## [What to produce]
For the listing below, print exactly the lines from the line with "apply: (ler_slack_extend leAk)" to the line with "rewrite cardxA -[#|A|.+1%:R]natr1", both included, and nothing beyond them.

════

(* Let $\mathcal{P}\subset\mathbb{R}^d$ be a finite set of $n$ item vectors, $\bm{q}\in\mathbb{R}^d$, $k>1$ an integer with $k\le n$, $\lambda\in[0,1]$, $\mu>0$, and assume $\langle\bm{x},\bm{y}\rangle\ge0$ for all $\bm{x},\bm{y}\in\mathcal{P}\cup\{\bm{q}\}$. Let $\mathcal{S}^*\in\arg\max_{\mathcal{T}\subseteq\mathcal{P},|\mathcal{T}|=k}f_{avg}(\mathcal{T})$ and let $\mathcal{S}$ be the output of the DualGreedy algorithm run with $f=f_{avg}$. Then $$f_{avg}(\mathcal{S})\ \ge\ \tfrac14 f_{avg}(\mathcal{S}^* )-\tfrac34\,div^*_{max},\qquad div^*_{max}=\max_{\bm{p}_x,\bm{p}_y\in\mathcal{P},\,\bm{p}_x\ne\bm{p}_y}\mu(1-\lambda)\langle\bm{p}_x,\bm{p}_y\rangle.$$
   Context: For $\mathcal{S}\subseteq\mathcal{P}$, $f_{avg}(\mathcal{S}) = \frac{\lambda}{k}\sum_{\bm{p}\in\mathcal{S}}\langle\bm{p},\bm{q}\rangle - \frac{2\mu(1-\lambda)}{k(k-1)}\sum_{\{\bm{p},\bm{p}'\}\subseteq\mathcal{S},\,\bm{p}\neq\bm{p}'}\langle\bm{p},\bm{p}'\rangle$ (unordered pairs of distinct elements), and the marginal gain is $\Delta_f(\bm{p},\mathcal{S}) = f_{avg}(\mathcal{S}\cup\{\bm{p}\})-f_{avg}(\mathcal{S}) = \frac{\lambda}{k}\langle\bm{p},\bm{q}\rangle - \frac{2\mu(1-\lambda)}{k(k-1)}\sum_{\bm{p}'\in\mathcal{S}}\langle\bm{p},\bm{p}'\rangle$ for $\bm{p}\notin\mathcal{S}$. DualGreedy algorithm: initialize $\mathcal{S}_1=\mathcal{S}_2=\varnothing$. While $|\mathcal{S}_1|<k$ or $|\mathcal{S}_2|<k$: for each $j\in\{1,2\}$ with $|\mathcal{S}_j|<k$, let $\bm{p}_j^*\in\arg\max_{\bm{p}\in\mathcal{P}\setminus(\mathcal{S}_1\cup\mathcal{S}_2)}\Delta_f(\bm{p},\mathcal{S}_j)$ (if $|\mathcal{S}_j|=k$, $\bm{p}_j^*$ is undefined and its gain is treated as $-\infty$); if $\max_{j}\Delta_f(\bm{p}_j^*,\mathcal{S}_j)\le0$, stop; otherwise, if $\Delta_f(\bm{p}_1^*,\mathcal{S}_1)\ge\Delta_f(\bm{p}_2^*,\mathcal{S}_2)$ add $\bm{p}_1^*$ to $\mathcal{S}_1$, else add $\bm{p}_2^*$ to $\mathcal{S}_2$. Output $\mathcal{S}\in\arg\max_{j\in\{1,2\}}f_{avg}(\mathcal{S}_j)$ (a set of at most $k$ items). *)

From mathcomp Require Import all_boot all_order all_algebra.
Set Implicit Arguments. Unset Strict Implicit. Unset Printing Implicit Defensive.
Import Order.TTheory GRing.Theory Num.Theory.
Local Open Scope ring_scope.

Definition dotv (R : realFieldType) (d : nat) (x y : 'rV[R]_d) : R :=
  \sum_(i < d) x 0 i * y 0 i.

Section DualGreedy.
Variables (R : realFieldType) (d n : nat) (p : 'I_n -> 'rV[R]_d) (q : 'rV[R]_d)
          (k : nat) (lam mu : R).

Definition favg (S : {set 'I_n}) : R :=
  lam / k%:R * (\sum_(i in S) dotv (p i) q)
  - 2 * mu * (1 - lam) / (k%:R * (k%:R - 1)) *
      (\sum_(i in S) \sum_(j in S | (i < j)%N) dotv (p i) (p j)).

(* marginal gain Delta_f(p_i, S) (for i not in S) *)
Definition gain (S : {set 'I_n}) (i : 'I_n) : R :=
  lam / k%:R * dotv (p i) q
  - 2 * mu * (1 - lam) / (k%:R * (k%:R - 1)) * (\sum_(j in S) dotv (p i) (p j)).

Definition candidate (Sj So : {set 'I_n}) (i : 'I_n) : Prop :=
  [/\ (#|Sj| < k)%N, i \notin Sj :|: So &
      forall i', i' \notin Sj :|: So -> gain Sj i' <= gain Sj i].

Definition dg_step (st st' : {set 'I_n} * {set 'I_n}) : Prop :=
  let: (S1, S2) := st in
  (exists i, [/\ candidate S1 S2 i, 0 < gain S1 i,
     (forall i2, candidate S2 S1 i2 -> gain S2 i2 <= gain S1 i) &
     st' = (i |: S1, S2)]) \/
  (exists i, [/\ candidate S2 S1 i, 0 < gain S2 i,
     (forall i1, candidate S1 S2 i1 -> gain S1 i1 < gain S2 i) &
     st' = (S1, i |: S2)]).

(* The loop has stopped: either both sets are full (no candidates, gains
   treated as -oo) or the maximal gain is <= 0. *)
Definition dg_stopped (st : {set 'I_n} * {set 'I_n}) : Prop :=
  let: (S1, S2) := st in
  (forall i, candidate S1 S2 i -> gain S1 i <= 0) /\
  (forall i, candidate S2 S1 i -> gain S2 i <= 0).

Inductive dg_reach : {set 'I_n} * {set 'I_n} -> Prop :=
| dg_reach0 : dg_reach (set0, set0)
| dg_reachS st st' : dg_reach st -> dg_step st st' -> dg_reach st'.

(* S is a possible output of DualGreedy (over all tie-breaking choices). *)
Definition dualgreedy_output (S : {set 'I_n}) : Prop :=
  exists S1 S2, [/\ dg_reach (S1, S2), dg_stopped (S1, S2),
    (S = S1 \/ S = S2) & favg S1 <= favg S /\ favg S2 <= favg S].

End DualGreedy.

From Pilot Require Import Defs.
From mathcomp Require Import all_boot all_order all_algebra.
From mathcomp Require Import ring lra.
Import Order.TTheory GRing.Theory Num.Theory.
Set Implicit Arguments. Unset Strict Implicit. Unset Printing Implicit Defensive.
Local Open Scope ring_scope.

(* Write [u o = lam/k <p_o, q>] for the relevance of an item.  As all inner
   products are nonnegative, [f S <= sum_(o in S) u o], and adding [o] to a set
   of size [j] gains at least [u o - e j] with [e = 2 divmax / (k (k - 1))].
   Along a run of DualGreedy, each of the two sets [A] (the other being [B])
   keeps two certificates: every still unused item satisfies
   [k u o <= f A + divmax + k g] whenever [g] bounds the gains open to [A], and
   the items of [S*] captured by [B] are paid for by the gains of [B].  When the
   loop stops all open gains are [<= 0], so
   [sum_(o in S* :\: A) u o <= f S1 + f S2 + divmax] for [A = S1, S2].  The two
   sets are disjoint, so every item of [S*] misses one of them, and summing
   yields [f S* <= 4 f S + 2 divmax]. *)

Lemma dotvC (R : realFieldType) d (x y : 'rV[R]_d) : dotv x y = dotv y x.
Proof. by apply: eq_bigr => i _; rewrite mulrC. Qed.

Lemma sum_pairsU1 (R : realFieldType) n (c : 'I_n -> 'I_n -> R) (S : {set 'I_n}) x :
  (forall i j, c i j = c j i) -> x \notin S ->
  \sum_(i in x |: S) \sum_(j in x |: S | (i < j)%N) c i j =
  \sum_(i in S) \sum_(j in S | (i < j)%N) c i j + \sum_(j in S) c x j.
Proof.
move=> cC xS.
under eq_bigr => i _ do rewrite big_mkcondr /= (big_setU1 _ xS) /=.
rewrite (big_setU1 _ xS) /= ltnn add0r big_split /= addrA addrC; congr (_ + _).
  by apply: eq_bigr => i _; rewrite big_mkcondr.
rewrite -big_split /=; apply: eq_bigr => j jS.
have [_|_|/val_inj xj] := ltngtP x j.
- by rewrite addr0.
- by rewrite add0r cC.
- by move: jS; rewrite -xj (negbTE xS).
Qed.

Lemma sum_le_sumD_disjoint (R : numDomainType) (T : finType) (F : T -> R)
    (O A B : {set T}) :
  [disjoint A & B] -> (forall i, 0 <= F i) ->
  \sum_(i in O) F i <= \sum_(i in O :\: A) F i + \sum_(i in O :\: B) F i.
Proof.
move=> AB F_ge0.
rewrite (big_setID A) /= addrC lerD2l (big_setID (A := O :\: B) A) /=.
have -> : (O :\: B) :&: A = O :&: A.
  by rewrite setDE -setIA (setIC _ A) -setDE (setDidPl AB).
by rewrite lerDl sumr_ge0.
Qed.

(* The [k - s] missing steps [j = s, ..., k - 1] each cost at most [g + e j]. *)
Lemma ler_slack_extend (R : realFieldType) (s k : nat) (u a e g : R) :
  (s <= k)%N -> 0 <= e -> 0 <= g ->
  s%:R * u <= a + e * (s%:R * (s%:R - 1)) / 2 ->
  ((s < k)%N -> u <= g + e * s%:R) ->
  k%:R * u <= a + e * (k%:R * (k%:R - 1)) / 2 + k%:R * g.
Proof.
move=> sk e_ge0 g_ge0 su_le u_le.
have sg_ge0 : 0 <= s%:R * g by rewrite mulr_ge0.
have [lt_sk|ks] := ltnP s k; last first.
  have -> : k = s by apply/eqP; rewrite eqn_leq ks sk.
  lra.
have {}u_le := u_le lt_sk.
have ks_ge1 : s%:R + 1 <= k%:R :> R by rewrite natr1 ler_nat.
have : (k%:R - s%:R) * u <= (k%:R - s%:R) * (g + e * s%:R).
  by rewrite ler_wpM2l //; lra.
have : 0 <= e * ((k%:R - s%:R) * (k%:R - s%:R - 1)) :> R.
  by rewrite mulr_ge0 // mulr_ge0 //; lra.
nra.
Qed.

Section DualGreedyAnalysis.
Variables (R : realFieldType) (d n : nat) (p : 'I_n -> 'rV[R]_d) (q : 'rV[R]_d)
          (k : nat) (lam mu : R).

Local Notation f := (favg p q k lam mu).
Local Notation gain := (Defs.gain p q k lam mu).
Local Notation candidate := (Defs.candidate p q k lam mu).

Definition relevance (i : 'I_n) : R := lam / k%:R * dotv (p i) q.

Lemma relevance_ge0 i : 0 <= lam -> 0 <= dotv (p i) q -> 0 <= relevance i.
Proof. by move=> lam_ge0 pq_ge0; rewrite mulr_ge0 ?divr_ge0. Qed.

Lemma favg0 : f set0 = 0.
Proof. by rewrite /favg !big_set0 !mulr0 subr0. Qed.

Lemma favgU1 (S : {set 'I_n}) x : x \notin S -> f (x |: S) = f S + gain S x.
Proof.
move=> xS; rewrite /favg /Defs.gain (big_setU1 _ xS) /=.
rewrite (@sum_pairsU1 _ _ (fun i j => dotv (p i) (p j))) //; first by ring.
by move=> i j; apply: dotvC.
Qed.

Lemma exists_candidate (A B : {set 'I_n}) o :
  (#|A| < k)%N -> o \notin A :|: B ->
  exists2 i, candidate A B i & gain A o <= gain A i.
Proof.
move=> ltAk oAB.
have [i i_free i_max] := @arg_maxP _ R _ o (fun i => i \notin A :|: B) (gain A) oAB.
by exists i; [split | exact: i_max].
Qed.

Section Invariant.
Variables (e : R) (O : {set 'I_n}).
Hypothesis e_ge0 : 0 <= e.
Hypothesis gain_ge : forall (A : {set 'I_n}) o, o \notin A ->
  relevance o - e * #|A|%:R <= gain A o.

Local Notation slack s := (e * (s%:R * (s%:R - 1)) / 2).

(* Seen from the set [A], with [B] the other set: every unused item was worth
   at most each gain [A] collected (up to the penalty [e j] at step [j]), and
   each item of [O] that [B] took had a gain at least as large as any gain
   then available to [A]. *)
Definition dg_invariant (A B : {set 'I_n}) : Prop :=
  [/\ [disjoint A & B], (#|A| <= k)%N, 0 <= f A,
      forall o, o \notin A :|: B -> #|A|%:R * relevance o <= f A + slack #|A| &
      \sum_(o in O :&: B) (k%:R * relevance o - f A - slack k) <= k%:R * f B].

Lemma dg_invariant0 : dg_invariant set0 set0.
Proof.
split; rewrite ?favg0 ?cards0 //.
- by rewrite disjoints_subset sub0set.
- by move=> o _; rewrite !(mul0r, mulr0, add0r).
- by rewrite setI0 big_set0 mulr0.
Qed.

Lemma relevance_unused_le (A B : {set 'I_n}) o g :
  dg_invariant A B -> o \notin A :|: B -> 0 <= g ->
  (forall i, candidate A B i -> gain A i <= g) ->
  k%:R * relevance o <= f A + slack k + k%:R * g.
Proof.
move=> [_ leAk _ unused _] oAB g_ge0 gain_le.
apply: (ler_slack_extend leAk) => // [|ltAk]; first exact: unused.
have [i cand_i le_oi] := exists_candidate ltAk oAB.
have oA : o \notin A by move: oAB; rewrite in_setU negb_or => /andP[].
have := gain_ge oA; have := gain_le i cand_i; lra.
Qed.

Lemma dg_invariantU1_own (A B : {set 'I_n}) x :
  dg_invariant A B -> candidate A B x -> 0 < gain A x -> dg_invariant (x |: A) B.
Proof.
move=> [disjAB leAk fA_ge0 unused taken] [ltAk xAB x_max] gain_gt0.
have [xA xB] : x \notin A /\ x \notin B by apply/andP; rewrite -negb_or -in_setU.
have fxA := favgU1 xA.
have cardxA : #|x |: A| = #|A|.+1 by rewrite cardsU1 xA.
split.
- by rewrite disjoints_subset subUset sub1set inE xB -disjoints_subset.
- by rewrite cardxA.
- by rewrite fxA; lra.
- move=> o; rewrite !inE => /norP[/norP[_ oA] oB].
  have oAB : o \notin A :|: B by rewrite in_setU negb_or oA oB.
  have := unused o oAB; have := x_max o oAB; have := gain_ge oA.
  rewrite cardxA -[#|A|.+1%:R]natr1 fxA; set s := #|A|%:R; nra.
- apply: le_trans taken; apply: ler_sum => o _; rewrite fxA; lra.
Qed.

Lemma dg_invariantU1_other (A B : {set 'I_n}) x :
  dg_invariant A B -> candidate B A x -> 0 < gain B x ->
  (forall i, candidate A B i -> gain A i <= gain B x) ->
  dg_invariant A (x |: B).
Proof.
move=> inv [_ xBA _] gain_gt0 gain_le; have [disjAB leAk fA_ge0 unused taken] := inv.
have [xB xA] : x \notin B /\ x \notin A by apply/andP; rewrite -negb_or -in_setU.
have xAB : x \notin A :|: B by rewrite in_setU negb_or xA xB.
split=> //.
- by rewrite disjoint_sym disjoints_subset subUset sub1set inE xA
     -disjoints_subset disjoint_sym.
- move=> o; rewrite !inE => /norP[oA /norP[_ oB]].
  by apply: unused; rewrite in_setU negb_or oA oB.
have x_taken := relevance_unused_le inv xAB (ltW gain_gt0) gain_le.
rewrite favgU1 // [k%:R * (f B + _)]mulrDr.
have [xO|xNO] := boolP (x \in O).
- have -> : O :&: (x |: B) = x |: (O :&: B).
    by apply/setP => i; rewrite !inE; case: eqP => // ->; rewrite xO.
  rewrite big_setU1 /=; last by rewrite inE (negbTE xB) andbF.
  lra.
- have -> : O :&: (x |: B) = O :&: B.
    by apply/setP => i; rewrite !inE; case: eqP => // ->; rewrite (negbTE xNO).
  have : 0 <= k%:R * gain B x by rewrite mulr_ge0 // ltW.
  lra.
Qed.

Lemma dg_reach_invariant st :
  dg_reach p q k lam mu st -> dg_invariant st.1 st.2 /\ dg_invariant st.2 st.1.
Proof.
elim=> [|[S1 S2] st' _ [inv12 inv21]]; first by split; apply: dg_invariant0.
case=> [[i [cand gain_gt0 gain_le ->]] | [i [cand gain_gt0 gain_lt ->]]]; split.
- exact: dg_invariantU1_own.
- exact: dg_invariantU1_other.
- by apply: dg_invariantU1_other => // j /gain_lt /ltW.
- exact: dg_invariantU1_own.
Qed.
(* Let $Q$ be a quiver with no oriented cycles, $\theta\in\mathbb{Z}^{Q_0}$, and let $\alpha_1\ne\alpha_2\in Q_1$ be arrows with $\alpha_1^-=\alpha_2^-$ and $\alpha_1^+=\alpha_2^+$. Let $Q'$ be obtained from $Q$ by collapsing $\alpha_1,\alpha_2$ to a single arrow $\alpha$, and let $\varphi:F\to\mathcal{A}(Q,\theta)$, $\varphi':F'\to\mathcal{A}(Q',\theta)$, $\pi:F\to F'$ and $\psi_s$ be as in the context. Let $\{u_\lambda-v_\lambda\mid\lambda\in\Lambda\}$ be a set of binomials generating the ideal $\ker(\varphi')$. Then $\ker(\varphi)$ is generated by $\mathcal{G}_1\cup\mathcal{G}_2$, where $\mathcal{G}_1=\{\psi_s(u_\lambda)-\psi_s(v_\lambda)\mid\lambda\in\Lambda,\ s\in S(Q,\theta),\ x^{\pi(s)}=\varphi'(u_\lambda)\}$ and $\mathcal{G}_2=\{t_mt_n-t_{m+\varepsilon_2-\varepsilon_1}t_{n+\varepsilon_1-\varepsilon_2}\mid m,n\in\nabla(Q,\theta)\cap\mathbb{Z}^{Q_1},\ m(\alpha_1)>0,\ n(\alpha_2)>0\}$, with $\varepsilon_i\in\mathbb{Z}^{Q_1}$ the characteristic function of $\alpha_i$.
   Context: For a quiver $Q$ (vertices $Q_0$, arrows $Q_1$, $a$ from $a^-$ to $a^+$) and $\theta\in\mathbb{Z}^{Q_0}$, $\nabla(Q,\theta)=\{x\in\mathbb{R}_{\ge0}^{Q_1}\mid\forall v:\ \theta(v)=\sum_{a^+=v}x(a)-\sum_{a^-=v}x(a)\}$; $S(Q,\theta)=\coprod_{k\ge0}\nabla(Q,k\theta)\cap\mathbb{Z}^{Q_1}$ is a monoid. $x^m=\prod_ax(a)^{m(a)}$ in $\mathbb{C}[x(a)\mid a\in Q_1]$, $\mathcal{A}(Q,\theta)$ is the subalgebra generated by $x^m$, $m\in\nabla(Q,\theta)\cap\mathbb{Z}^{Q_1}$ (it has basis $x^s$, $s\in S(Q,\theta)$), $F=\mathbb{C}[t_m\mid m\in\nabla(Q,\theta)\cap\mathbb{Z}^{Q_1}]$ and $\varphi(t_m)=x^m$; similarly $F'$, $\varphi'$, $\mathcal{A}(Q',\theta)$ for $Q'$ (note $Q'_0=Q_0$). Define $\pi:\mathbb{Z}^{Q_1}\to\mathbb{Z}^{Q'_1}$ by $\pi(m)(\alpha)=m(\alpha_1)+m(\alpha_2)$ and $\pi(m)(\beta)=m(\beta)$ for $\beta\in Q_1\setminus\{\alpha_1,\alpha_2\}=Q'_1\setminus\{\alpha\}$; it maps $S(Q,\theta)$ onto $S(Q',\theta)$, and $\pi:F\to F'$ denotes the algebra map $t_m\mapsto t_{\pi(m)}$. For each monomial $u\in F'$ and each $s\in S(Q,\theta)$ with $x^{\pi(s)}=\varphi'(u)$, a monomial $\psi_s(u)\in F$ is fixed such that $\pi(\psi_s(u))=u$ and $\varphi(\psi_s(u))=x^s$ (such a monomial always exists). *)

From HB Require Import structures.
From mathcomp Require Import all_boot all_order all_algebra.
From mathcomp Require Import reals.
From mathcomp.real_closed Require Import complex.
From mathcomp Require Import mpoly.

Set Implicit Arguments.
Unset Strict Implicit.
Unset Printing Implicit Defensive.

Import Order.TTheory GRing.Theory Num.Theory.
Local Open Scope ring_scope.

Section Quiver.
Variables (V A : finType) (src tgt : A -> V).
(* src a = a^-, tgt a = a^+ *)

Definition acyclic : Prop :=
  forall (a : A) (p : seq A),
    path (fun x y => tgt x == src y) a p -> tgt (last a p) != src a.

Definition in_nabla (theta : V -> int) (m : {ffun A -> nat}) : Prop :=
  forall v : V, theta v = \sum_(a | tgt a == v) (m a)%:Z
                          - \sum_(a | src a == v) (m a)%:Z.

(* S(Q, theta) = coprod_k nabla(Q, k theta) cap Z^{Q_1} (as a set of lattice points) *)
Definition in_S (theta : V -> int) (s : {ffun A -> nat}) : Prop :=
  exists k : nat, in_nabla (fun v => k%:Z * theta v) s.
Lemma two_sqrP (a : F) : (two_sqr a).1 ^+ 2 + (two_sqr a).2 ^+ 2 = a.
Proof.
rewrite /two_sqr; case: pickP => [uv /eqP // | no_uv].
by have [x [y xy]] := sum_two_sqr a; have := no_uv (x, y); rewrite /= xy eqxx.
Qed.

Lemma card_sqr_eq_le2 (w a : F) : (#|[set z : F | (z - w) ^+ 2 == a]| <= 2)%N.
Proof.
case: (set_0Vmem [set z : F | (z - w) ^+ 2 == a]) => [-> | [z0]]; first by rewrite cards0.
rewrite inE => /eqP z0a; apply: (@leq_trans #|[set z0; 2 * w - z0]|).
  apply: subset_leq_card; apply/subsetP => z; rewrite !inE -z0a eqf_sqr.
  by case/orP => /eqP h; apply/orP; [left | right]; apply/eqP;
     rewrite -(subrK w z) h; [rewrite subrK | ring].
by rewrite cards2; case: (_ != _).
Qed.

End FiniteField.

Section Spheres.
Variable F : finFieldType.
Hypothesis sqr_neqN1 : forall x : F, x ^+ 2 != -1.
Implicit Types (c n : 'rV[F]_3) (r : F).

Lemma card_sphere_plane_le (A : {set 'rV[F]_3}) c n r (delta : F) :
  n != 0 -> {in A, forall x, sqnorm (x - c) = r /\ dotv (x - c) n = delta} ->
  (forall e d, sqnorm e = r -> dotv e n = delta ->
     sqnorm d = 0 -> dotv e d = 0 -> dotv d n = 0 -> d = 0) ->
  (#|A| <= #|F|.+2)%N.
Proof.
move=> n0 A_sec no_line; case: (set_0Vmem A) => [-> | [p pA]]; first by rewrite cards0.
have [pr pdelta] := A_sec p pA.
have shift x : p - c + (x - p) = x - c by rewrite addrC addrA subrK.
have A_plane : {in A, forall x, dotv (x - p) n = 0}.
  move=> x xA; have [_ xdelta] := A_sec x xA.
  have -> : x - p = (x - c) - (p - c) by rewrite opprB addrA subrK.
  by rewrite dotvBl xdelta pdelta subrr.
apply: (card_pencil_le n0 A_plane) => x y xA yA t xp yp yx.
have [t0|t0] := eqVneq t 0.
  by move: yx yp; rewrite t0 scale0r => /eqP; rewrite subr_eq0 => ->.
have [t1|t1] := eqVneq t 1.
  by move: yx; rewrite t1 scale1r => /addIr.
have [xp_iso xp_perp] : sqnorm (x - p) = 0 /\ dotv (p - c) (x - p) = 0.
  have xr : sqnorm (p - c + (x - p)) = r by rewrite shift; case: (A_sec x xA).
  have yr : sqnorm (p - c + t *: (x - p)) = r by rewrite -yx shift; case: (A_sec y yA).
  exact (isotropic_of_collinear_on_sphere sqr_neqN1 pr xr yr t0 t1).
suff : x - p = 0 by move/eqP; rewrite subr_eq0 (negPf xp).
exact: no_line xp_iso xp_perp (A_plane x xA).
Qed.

════

## [Result for this task]
apply: (ler_slack_extend leAk) => // [|ltAk]; first exact: unused.
have [i cand_i le_oi] := exists_candidate ltAk oAB.
have oA : o \notin A by move: oAB; rewrite in_setU negb_or => /andP[].
have := gain_ge oA; have := gain_le i cand_i; lra.
Qed.

Lemma dg_invariantU1_own (A B : {set 'I_n}) x :
  dg_invariant A B -> candidate A B x -> 0 < gain A x -> dg_invariant (x |: A) B.
Proof.
move=> [disjAB leAk fA_ge0 unused taken] [ltAk xAB x_max] gain_gt0.
have [xA xB] : x \notin A /\ x \notin B by apply/andP; rewrite -negb_or -in_setU.
have fxA := favgU1 xA.
have cardxA : #|x |: A| = #|A|.+1 by rewrite cardsU1 xA.
split.
- by rewrite disjoints_subset subUset sub1set inE xB -disjoints_subset.
- by rewrite cardxA.
- by rewrite fxA; lra.
- move=> o; rewrite !inE => /norP[/norP[_ oA] oB].
  have oAB : o \notin A :|: B by rewrite in_setU negb_or oA oB.
  have := unused o oAB; have := x_max o oAB; have := gain_ge oA.
  rewrite cardxA -[#|A|.+1%:R]natr1 fxA; set s := #|A|%:R; nra.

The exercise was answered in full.